Below are the entries; give again exactly the lines from the one mentioning "have sub : [set" through the one mentioning "cut_edges K.", inclusive.

*** RECORDS SUPPLIED

(* Let $\alpha\in(1,\infty)$, let $p_{Y\mid X}$ be a channel between finite sets $\mathcal X,\mathcal Y$, and for a distribution $p_X$ on $\mathcal X$, a joint distribution $\tilde q_{X,Y}$ on $\mathcal X\times\mathcal Y$ with $X$-marginal $\tilde q_X$, and a reverse channel $r_{X\mid Y}$, define $$\tilde F_\alpha^{\mathrm{S3}}(p_X,\tilde q_{X,Y},r_{X\mid Y}):=\frac{\alpha}{1-\alpha}D(\tilde q_{X,Y}\|\tilde q_Xp_{Y\mid X})+\mathbb E^{\tilde q_{X,Y}}\!\left[\log\frac{r_{X\mid Y}(X\mid Y)}{\tilde q_X(X)}\right]+\frac{1}{1-\alpha}D(\tilde q_X\|p_X).$$ Then: (1) for fixed $(p_X,\tilde q_{X,Y})$, $\tilde F_\alpha^{\mathrm{S3}}$ is maximized over $r_{X\mid Y}$ by $r^*_{X\mid Y}(x\mid y)=\tilde q_{X,Y}(x,y)/\sum_{x'}\tilde q_{X,Y}(x',y)$; (2) for fixed $(\tilde q_{X,Y},r_{X\mid Y})$, it is maximized over $p_X$ by $p_X^*(x)=\sum_y\tilde q_{X,Y}(x,y)$; (3) for fixed $(p_X,r_{X\mid Y})$, it is maximized over $\tilde q_{X,Y}$ by $$\tilde q^*_{X,Y}(x,y)=\frac{p_X(x)^{1/\alpha}p_{Y\mid X}(y\mid x)r_{X\mid Y}(x\mid y)^{1-1/\alpha}}{\sum_{x',y'}p_X(x')^{1/\alpha}p_{Y\mid X}(y'\mid x')r_{X\mid Y}(x'\mid y')^{1-1/\alpha}}.$$
   Context: $\log$ is natural and $D$ is the Kullback–Leibler divergence. A reverse channel $r_{X\mid Y}$ is a family $\{r_{X\mid Y}(\cdot\mid y)\}_{y\in\mathcal Y}$ of distributions on $\mathcal X$. *)

From HB Require Import structures.
From mathcomp Require Import all_boot all_order all_algebra.
From mathcomp Require Import all_classical all_reals.
From mathcomp Require Import ereal exp.
Set Implicit Arguments. Unset Strict Implicit. Unset Printing Implicit Defensive.
Import Order.TTheory GRing.Theory Num.Theory.
Local Open Scope ring_scope.
Local Open Scope ereal_scope.

Section Defs.
Variables (R : realType) (X Y : finType).

Definition is_dist (T : finType) (p : T -> R) : Prop :=
  (forall t, (0 <= p t)%R) /\ (\sum_(t : T) p t = 1)%R.

Definition is_channel (W : X -> Y -> R) : Prop := forall x, is_dist (W x).

(* a reverse channel r_{X|Y}: r y x = r_{X|Y}(x|y) *)
Definition is_rev_channel (r : Y -> X -> R) : Prop := forall y, is_dist (r y).

Definition margX (q : X * Y -> R) (x : X) : R := (\sum_(y : Y) q (x, y))%R.
Definition margY (q : X * Y -> R) (y : Y) : R := (\sum_(x : X) q (x, y))%R.

(* a * log (a / b) with conventions 0 log(0/b) = 0, a log(a/0) = +oo (a>0) *)
Definition klterm (a b : R) : \bar R :=
  if a == 0%R then 0 else if b == 0%R then +oo else (a * ln (a / b))%:E.

Definition KL (T : finType) (q p : T -> R) : \bar R := \sum_(t : T) klterm (q t) (p t).

(* a * log (b / c) with conventions 0 log(..) = 0, a log(0/c) = -oo (a>0) *)
Definition eterm (a b c : R) : \bar R :=
  if a == 0%R then 0 else if b == 0%R then -oo else (a * ln (b / c))%:E.

Definition Elog (q : X * Y -> R) (r : Y -> X -> R) : \bar R :=
  \sum_(xy : X * Y) eterm (q xy) (r xy.2 xy.1) (margX q xy.1).

Definition FS3 (alpha : R) (W : X -> Y -> R) (p : X -> R) (q : X * Y -> R)
    (r : Y -> X -> R) : \bar R :=
  (alpha / (1 - alpha))%:E * KL q (fun xy => margX q xy.1 * W xy.1 xy.2)%R
  + Elog q r
  + (1 / (1 - alpha))%:E * KL (margX q) p.

Definition qtilde (alpha : R) (W : X -> Y -> R) (p : X -> R) (r : Y -> X -> R)
    (xy : X * Y) : R :=
  (p xy.1 `^ (1 / alpha) * W xy.1 xy.2 * r xy.2 xy.1 `^ (1 - 1 / alpha))%R.

End Defs.
(* Let $n$ be a positive odd integer. Then, modulo $(1-aq^n)(a-q^n)$, $$ \sum_{k=0}^{n-1}\frac{(aq;q^2)_k\,(q/a;q^2)_k}{(q^2;q^2)_k^2}\, x^k \equiv \sum_{k=0}^{(n-1)/2}{(n-1)/2\brack k}_{q^2}^2 q^{k^2-nk} (-x)^k\, (x;q^2)_{(n-1)/2-k}. $$
   Context: $a,q,x$ are indeterminates. The $q$-shifted factorial is $(y;q)_0=1$ and $(y;q)_m=(1-y)(1-yq)\cdots(1-yq^{m-1})$ for $m\geqslant1$. The $q$-binomial coefficient is ${N\brack k}_q=\frac{(q;q)_N}{(q;q)_k(q;q)_{N-k}}$ for $0\leqslant k\leqslant N$ and $0$ otherwise; ${N\brack k}_{q^2}$ is this with $q$ replaced by $q^2$. For rational functions $A,B$ and a polynomial $P$, $A\equiv B\pmod P$ means $A-B=P\cdot C/D$ for polynomials $C,D$ with $D$ coprime to $P$. *)

From HB Require Import structures.
From mathcomp Require Import all_boot all_order all_algebra fraction.
Set Implicit Arguments. Unset Strict Implicit. Unset Printing Implicit Defensive.
Import Order.TTheory GRing.Theory Num.Theory.
Local Open Scope ring_scope.

(* Polynomial ring Q[a,q,x], built as nested univariate polynomials:
   Pa = Q[a], Pq = Pa[q], Px = Pq[x]. *)
Definition Pa := {poly rat}.
Definition Pq := {poly Pa}.
Definition Px := {poly Pq}.
Definition Fx := {fraction Px}.
Definition toF (p : Px) : Fx := @FracField.tofrac Px p.

Definition pa : Px := ('X : Pa)%:P%:P.
Definition pq : Px := ('X : Pq)%:P.
Definition px : Px := 'X.

Definition A : Fx := toF pa.
Definition Qv : Fx := toF pq.
Definition X : Fx := toF px.

Definition qpoch (y b : Fx) (m : nat) : Fx := \prod_(i < m) (1 - y * b ^+ i).

Definition qbinom (b : Fx) (N k : nat) : Fx :=
  if (k <= N)%N then qpoch b b N / (qpoch b b k * qpoch b b (N - k)) else 0.

Definition pdivides (g p : Px) : Prop := exists c : Px, p = g * c.

Definition pcoprime (p d : Px) : Prop :=
  forall g : Px, pdivides g p -> pdivides g d -> g \is a GRing.unit.

Definition congr_mod (P : Px) (U V : Fx) : Prop :=
  exists C D : Px, pcoprime P D /\ (U - V) * toF D = toF P * toF C.

From HB Require Import structures.
From mathcomp Require Import all_boot all_order all_algebra fraction polyXY.
From mathcomp Require Import ring zify.

(* The product (aq;q^2)_k (q/a;q^2)_k is a polynomial in t = a + 1/a with
   coefficients in Q(q), and
     a + 1/a - (q^n + q^-n) = -(1 - a q^n)(a - q^n) / (a q^n).
   So, working with fractions whose denominators a^i r(q) are coprime to the
   modulus, the left-hand side is congruent to its value at a = q^n.  There the
   series terminates, and comparing coefficients of x^l reduces the resulting
   exact identity to the q-Chu-Vandermonde formula. *)

Set Implicit Arguments.
Unset Strict Implicit.
Unset Printing Implicit Defensive.

Import Order.TTheory GRing.Theory Num.Theory.
Local Open Scope ring_scope.

Definition qpochhammer (R : pzRingType) (y b : R) (m : nat) : R :=
  \prod_(i < m) (1 - y * b ^+ i).

Definition qbinomial (F : fieldType) (b : F) (N k : nat) : F :=
  if (k <= N)%N then
    qpochhammer b b N / (qpochhammer b b k * qpochhammer b b (N - k))
  else 0.

Lemma qpochhammerS (R : pzRingType) (y b : R) m :
  qpochhammer y b m.+1 = qpochhammer y b m * (1 - y * b ^+ m).
Proof. by rewrite /qpochhammer big_ord_recr. Qed.

Section QBinomial.

Variables (F : fieldType) (Q : F).
Hypothesis Q_neq0 : Q != 0.
Hypothesis Q_pow_neq1 : forall j, (0 < j)%N -> Q ^+ j != 1.

Local Notation qfac m := (qpochhammer Q Q m).
Local Notation qbin := (qbinomial Q).

Lemma qfacS m : qfac m.+1 = qfac m * (1 - Q ^+ m.+1).
Proof. by rewrite qpochhammerS exprS. Qed.

Lemma subr1_QpowS_neq0 m : 1 - Q ^+ m.+1 != 0.
Proof. by rewrite subr_eq0 eq_sym Q_pow_neq1. Qed.

Lemma qfac_neq0 m : qfac m != 0.
Proof. by apply/prodf_neq0 => i _; rewrite -exprS subr1_QpowS_neq0. Qed.

Lemma qbinomialE N k : (k <= N)%N -> qbin N k = qfac N / (qfac k * qfac (N - k)).
Proof. by rewrite /qbinomial => ->. Qed.

Lemma qbinomial_out N k : (N < k)%N -> qbin N k = 0.
Proof. by move=> ltNk; rewrite /qbinomial leqNgt ltNk. Qed.

Lemma qbinomial0 N : qbin N 0 = 1.
Proof. by rewrite qbinomialE // subn0 /qpochhammer big_ord0 mul1r divff ?qfac_neq0. Qed.

Lemma qbinomialnn N : qbin N N = 1.
Proof. by rewrite qbinomialE // subnn /qpochhammer big_ord0 mulr1 divff ?qfac_neq0. Qed.
Lemma notin_setD1_of_sub (B : {set T}) (x : T) :
  B \subset C -> x \in B -> B \notin P :\ C.
Proof.
move=> BC xB; apply/negP => /setD1P [BneC BP].
have /trivIsetP/(_ B C BP CP BneC)/disjoint_setI0 BC0 := partition_trivIset partP.
have : x \in B :&: C by rewrite inE xB (subsetP BC).
by rewrite BC0 inE.
Qed.

Lemma big_split_block (R : Type) (idx : R) (op : Monoid.com_law idx)
    (F : {set T} -> R) :
  \big[op/idx]_(B in split_block) F B
  = op (F (C :&: K)) (op (F (C :\: K)) (\big[op/idx]_(B in P :\ C) F B)).
Proof.
have CDK_new : C :\: K \notin P :\ C := notin_setD1_of_sub (subsetDl C K) x2CK.
have CIK_new : C :&: K \notin (C :\: K) |: (P :\ C).
  rewrite in_setU1 negb_or (notin_setD1_of_sub (subsetIl C K) x1CK) andbT.
  apply/eqP => CIK_CDK; have := x1CK.
  by rewrite CIK_CDK => /setDP [_]; case/setIP: x1CK => _ ->.
by rewrite big_setU1 // big_setU1.
Qed.

Lemma partition_split_block : partition split_block D.
Proof.
move: partP => /and3P [/eqP covP tP P0].
have cov' : cover split_block = D.
  by rewrite /cover big_split_block -covP /cover (big_setD1 _ CP) /= setUA setID.
apply/and3P; split; first by rewrite cov'.
- rewrite /trivIset big_split_block cov' -covP.
  move: tP; rewrite /trivIset (big_setD1 _ CP) /=.
  by rewrite -{1}(cardsID K C) addnA.
- rewrite !in_setU1 !negb_or in_setD1 (negbTE P0) andbF andbT.
  by apply/andP; split; apply/eqP => C0; [move: x1CK | move: x2CK]; rewrite -C0 inE.
Qed.

End SplitBlock.

Section Modularity.
Variables (T : finType) (red : T -> bool) (E : T -> T -> bool).
Local Notation m := (nedges E).

Definition cut_edges (K : {set T}) : {set T * T} :=
  [set p : T * T | E p.1 p.2 && ((p.1 \in K) != (p.2 \in K))].

Definition community_score (C : {set T}) : rat :=
  ((edges_in E C)%:R / m%:R - (red_deg red E C * blue_deg red E C)%:R / m%:R ^+ 2)%R.

Lemma edges_in_split (C K : {set T}) :
  edges_in E C <= edges_in E (C :&: K) + edges_in E (C :\: K) + #|cut_edges K|.
Proof.
have sub : [set p : T * T | [&& p.1 \in C, p.2 \in C & E p.1 p.2]] \subset
    ([set p : T * T | [&& p.1 \in C :&: K, p.2 \in C :&: K & E p.1 p.2]] :|:
     [set p : T * T | [&& p.1 \in C :\: K, p.2 \in C :\: K & E p.1 p.2]]) :|:
    cut_edges K.
  apply/subsetP => p; rewrite !inE => /and3P [-> -> ->] /=.
  by case: (p.1 \in K); case: (p.2 \in K).
apply: leq_trans (subset_leq_card sub) _.
apply: leq_trans (leq_card_setU _ _).1 _.
by rewrite leq_add2r; exact: (leq_card_setU _ _).1.
Qed.

Lemma red_degID (C K : {set T}) :
  red_deg red E C = red_deg red E (C :&: K) + red_deg red E (C :\: K).
Proof. by rewrite /red_deg (big_setIDcond _ _ K). Qed.

Lemma blue_degID (C K : {set T}) :
  blue_deg red E C = blue_deg red E (C :&: K) + blue_deg red E (C :\: K).
Proof. by rewrite /blue_deg (big_setIDcond _ _ K). Qed.

Lemma community_score_split_lt (C K : {set T}) :
  0 < m ->
  #|cut_edges K| * m < red_deg red E (C :&: K) * blue_deg red E (C :\: K)
                       + red_deg red E (C :\: K) * blue_deg red E (C :&: K) ->
  (community_score C < community_score (C :&: K) + community_score (C :\: K))%R.
Proof.
move=> m_gt0 cut_lt.
rewrite /community_score (red_degID C K) (blue_degID C K).
exact: modularity_split_gain m_gt0 (edges_in_split C K) cut_lt.
Qed.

******

- **EXERCISE ANSWER**
have sub : [set p : T * T | [&& p.1 \in C, p.2 \in C & E p.1 p.2]] \subset
    ([set p : T * T | [&& p.1 \in C :&: K, p.2 \in C :&: K & E p.1 p.2]] :|:
     [set p : T * T | [&& p.1 \in C :\: K, p.2 \in C :\: K & E p.1 p.2]]) :|:
    cut_edges K.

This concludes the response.